[4]-Empat mata

95 47 28
                                    

"Lo ... lagi?" Sadeena cepat-cepat menghapus sisa air matanya yang masih mengenangi pipi. Dia paksakan tubuhnya untuk berdiri meski hasilnya sedikit oleng. Untung saja rak buku di sampingnya bisa dijadikan penopang tubuh.

"Lo nggak punya rasa takut, ya?"

Sadeena diam, tidak menjawab. Membiarkan Wildan berjalan mendekat padanya.

Wildan terlihat mengembuskan napas sebelum akhirnya bersuara, "Perpustakaan ini dua minggu lagi akan ditutup. Tahu kenapa?"

"Ke ... kenapa?" cicit Sadeena. Entah kenapa bawaannya kalau di dekat Wildan ... selalu horror. Ya. Yang Sadeena rasakan begitu.

Wildan memasukkan sebelah tangannya ke dalam saku celana. "Karena di sini nggak ada aktivitas yang berlangsung lama. Ibarat rumah yang kosong. Setiap mahkluk halus berlomba-lomba menempati perpus-,"

"CUKUP!" Sadeena menyela dengan sakali bentakkan. "Lo harus tahu kalau lo ngoceh kayak gitu lagi, gue makin takut!" pekiknya. Dengan suara bergetar.

"Siapa Alden?" tanya Wildan.

Sadeena terperangah bukan main. Dari mana Wildan tahu nama itu?

"Lo ...."

Wildan menyugar rambutnya ke belakang dengan gerakkan pelan disertai dessisan dari mulutnya. "Gue bukan penguntit. Jangan berpikir negatif."

Sadeena berdecih. Dia melipat tangan di depan dada. Menatap Wildan tak kalah menantang. "Yakin? Kok lo tahu gue di sini?"

Wildan merutuk dirinya sendiri. Berdeham lama kemudian berbicara, "Ke ... kebetulan. Ya. Gue kebetulan ke perpus, kok." ujarnya.

Sadeena memberi tatapan memicing. "Gue makin berpikir negatif kalau lo bohong."

Wildan mendesah. Menyerah. Memilih untuk mengaku. "Ok ok ... gue ngikutin lo. Gue tahu lo berantem sama temen lo. Lo nangis. Lo panggil satu nama yang ... yang sempat gua dengar. Alden. Siapa dia?"

Sadeena kembali terjaga.

Apakah sempat dirinya memanggil atau menyebut nama Alden lagi?

"I ... itu, bukan urusan lo!"

BRAK!

Wildan dan Sadeena dikejutkan dengan beberapa buku yang terjatuh.

Keduanya memandang ke sumber suara. Kamus tebal yang terjatuh itu sama dengan kamus lain yang berada di rak paling atas.

Kenapa bisa jatuh?

Wildan merasa tidak ada angin. Ruang perpustakaan ini memiliki ventilasi yang baik. Semua jendela memang dibiarkan terkunci mati.

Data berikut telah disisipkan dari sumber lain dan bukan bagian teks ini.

(* The coordinate vector y : R^{#|T|} placed on the coordinates of T
   (listed increasingly via enum T), and 0 off T. *)
Definition embed (n : nat) (T : {set 'I_n}) (y : 'I_#|T| -> R) : 'I_n -> R :=
  fun i => odflt 0 (omap y (insub (index i (enum T)) : option 'I_#|T|)).

Definition setint (n : nat) (T : {set 'I_n}) (F : ('I_n -> R) -> \bar R) : \bar R :=
  @lint #|T| (fun y => F (@embed n T y)).

(* Vol_{#|S|} (pi_P Y), P the coordinate subspace spanned by the e_i, i in S. *)
Definition projvol (n : nat) (S : {set 'I_n}) (Y : set ('I_n -> R)) : \bar R :=
  setint S (fun z =>
    (\1_[set z | exists2 x, Y x & forall i, i \in S -> x i = z i] z)%:E).

(* i-th l1-intrinsic volume: V_i(Y) = sum_{P in G_{n,i}} Vol_i(pi_P Y). *)
Definition l1vol (n : nat) (i : nat) (Y : set ('I_n -> R)) : \bar R :=
  (\sum_(S : {set 'I_n} | #|S| == i) projvol S Y)%E.

(* affine coordinate subspace P + q, P spanned by e_i (i in S), q in P^perp *)
Definition affsub (n : nat) (S : {set 'I_n}) (q : 'I_n -> R) : set ('I_n -> R) :=
  [set x | forall i, i \notin S -> x i = q i].

(* integral over Graff_{n,k} = coprod_{P in G_{n,k}} P^perp *)
Definition graff_int (n k : nat) (F : set ('I_n -> R) -> \bar R) : \bar R :=
  (\sum_(S : {set 'I_n} | #|S| == k) setint (~: S) (fun q => F (affsub S q)))%E.

Definition l1dist (n : nat) (x y : 'I_n -> R) : R := \sum_i `|x i - y i|.

Definition l1_convex (n : nat) (X : set ('I_n -> R)) : Prop :=
  forall x x', X x -> X x' ->
    exists gamma : R -> ('I_n -> R),
      [/\ gamma 0 = x, gamma (l1dist x x') = x',
          (forall t, 0 <= t <= l1dist x x' -> X (gamma t)) &
          (forall t t', 0 <= t <= l1dist x x' -> 0 <= t' <= l1dist x x' ->
             l1dist (gamma t) (gamma t') = `|t - t'|)].

End Defs.

(* Fix coordinate planes P of dimension k and P' of dimension j.  If P' is
   not contained in P, the projection onto P' of a slice X `&` (P + q) lies in
   a hyperplane of P' and is null.  If P' is contained in P, that projection
   is the fibre over q of the projection of X onto P^perp + P', so by Fubini
   the integral over q in P^perp is Vol_{n-k+j} of this projection.  Summing
   over the pairs (P, P'), each coordinate plane Q of dimension n+j-k arises
   'C(n+j-k, j) times, once for each choice of P^perp among the subsets of Q
   of size n-k.  The case j = 0 is the second claim. *)

From mathcomp Require Import all_boot all_order all_algebra.
From mathcomp Require Import all_classical all_reals all_analysis.
From mathcomp Require Import measurable_realfun lra zify.
Set Implicit Arguments.
Unset Strict Implicit.
Unset Printing Implicit Defensive.
Import Order.TTheory GRing.Theory Num.Theory.
Import numFieldNormedType.Exports.
Local Open Scope ring_scope.

Section SubsetPairs.
Variable I : finType.

Lemma card_setC_draws (T : {set I}) k : (k <= #|I|)%N ->
  #|[set S : {set I} | (#|S| == k) && (~: S \subset T)]| = 'C(#|T|, #|I| - k).
Proof.
move=> kI; rewrite -cards_draws -(card_imset _ (@finset.setC_inj I)).
apply: eq_card => A; rewrite inE; apply/imsetP/andP => [[B]|[sAT /eqP cA]].
  rewrite inE => /andP[/eqP cB sBT] ->; split=> //.
  by rewrite -(cardsC B) cB addKn.
exists (~: A); last by rewrite finset.setCK.
by rewrite inE finset.setCK sAT andbT; apply/eqP; have := cardsC A; lia.
Qed.

Lemma sum_subsets_within (M : nmodType) (f : {set I} -> M) (S : {set I}) j :
  \sum_(S' : {set I} | #|S'| == j)
     (if S' \subset S then f (~: S :|: S') else 0) =
  \sum_(T : {set I} | (#|T| == #|~: S| + j)%N && (~: S \subset T)) f T.
Proof.
rewrite -big_mkcondr.
rewrite [RHS](reindex_onto (fun S' => ~: S :|: S') (fun T => T :&: S));
  last first.
  move=> T /andP[_ sST]; apply/setP => i; rewrite !inE.
  case: (boolP (i \in S)) => iS; rewrite ?andbT ?andbF //=.
  by apply/esym/(fintype.subsetP sST); rewrite inE.
apply: eq_bigl => S'.
rewrite finset.subsetUl andbT finset.setIUl [~: S :&: S]finset.setIC.
rewrite finset.setICr finset.set0U.
have [sS'S|nsS'S] := boolP (S' \subset S); last first.
  rewrite andbF; apply/esym/negP => /andP[_ /eqP E].
  by rewrite -E finset.subsetIr in nsS'S.
rewrite (finset.setIidPl sS'S) eqxx !andbT cardsU.
have -> : ~: S :&: S' = finset.set0.
  apply/setP => i; rewrite !inE.
  by apply/negP => /andP[/negP + /(fintype.subsetP sS'S)].
by rewrite cards0 subn0 eqn_add2l.
Qed.

Lemma sum_subset_pairs (M : nmodType) (f : {set I} -> M) j k : (k <= #|I|)%N ->
  \sum_(S : {set I} | #|S| == k) \sum_(S' : {set I} | #|S'| == j)
     (if S' \subset S then f (~: S :|: S') else 0) =
  (\sum_(T : {set I} | #|T| == (#|I| + j - k)%N) f T) *+ 'C(#|I| + j - k, j).
Proof.
move=> kI.
rewrite (eq_bigr (fun S => \sum_(T : {set I} |
    (#|T| == (#|I| + j - k)%N) && (~: S \subset T)) f T)); last first.
  move=> S /eqP cS; rewrite sum_subsets_within; apply: eq_bigl => T.
  have := cardsC S; rewrite cS => cSC; congr (_ && _); apply/eqP/eqP; lia.
rewrite (exchange_big_dep (fun T : {set I} => #|T| == (#|I| + j - k)%N)) /=;
  last by move=> S T _ /andP[].
rewrite -sumrMnl; apply: eq_bigr => T /eqP cT.
rewrite (eq_bigl
  (fun S => S \in [set S : {set I} | (#|S| == k) && (~: S \subset T)]));
  last by move=> S; rewrite inE cT eqxx.
rewrite sumr_const card_setC_draws // cT; congr (_ *+ _).
rewrite -bin_sub; last exact: leq_sub2r (leq_addr _ _).
by congr binomial; rewrite -addnBAC // addKn.
Qed.

End SubsetPairs.

Local Open Scope classical_set_scope.

Section CoordinateIntegrals.
Variables (R : realType) (n : nat).
Local Notation V := ('I_n -> R).
Local Notation lebesgue := (@lebesgue_measure R).

Definition setcoord (w : V) (i : 'I_n) (t : R) : V :=
  fun j => if j == i then t else w j.

Fixpoint coord_int (s : seq 'I_n) (F : V -> \bar R) (w : V) : \bar R :=
  match s with
  | [::] => F w
  | i :: s' => (\int[lebesgue]_t coord_int s' F (setcoord w i t))%E
  end.

(* There is no sigma-algebra on [V]; a function on [V] is called measurable
   when it is measurable along every measurable parametrization of [V]. *)
Definition coord_measurable (F : V -> \bar R) : Prop :=
  forall d (Q : measurableType d) (phi : 'I_n -> Q -> R),
    (forall i, measurable_fun setT (phi i)) ->
    measurable_fun (U := \bar R) setT (fun q => F (fun i => phi i q)).

Lemma coord_measurable0 : coord_measurable (fun _ => 0%E).
Proof. by move=> d Q phi _; exact: measurable_cst. Qed.

Lemma measurable_setcoord F w i : coord_measurable F ->
  measurable_fun (U := \bar R) (@setT (measurableTypeR R))
    (fun t => F (setcoord w i t)).
Proof.
move=> mF; apply: (mF _ _ (fun j t => if j == i then t else w j)) => j.
by case: (j == i) => //; exact: measurable_cst.
Qed.

Lemma coord_int_cat s1 s2 F w :
  coord_int (s1 ++ s2) F w = coord_int s1 (coord_int s2 F) w.
Proof. by elim: s1 w => //= i s1 IH w; apply: eq_integral => t _. Qed.

Lemma eq_coord_int s F F' w w' :
  (forall u, (forall i, i \notin s -> u i = w i) ->
     F u = F' (fun i => if i \in s then u i else w' i)) ->
  coord_int s F w = coord_int s F' w'.
Proof.
elim: s w w' => [|a s IH] w w' FF' /=.
  by rewrite (FF' w) //; congr F'; apply/funext.
apply: eq_integral => t _; apply: IH => u uw; rewrite FF'.
  congr F'; apply/funext => i; rewrite inE /setcoord.
  have [iS|iS] := boolP (i \in s); first by rewrite orbT.
  by rewrite orbF; case: eqP iS => // -> aS; rewrite uw // /setcoord eqxx.
move=> i; rewrite inE negb_or => /andP[ia iS].
by rewrite uw // /setcoord (negbTE ia).
Qed.

Lemma coord_int0 s w : coord_int s (fun _ => 0%E) w = 0%E.
Proof. by elim: s w => //= a s IH w; apply: integral0_eq => t _. Qed.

Sadeena terlihat ketakutan kala pandanganya mengedar. "Al ... Alden."

SRRRK!

Wildan menoleh pada Sadeena. Sayangnya yang dia dapati justru wajah hancur dari makhluk halus yang semalam berhasil mencekiknya.

BAKH! BAKH!

"Wildan!" Sadeena menggigiti jari telunjuknya. Tubuhnya kaku. Mati rasa begitu melihat adegan menakutkan di depannya.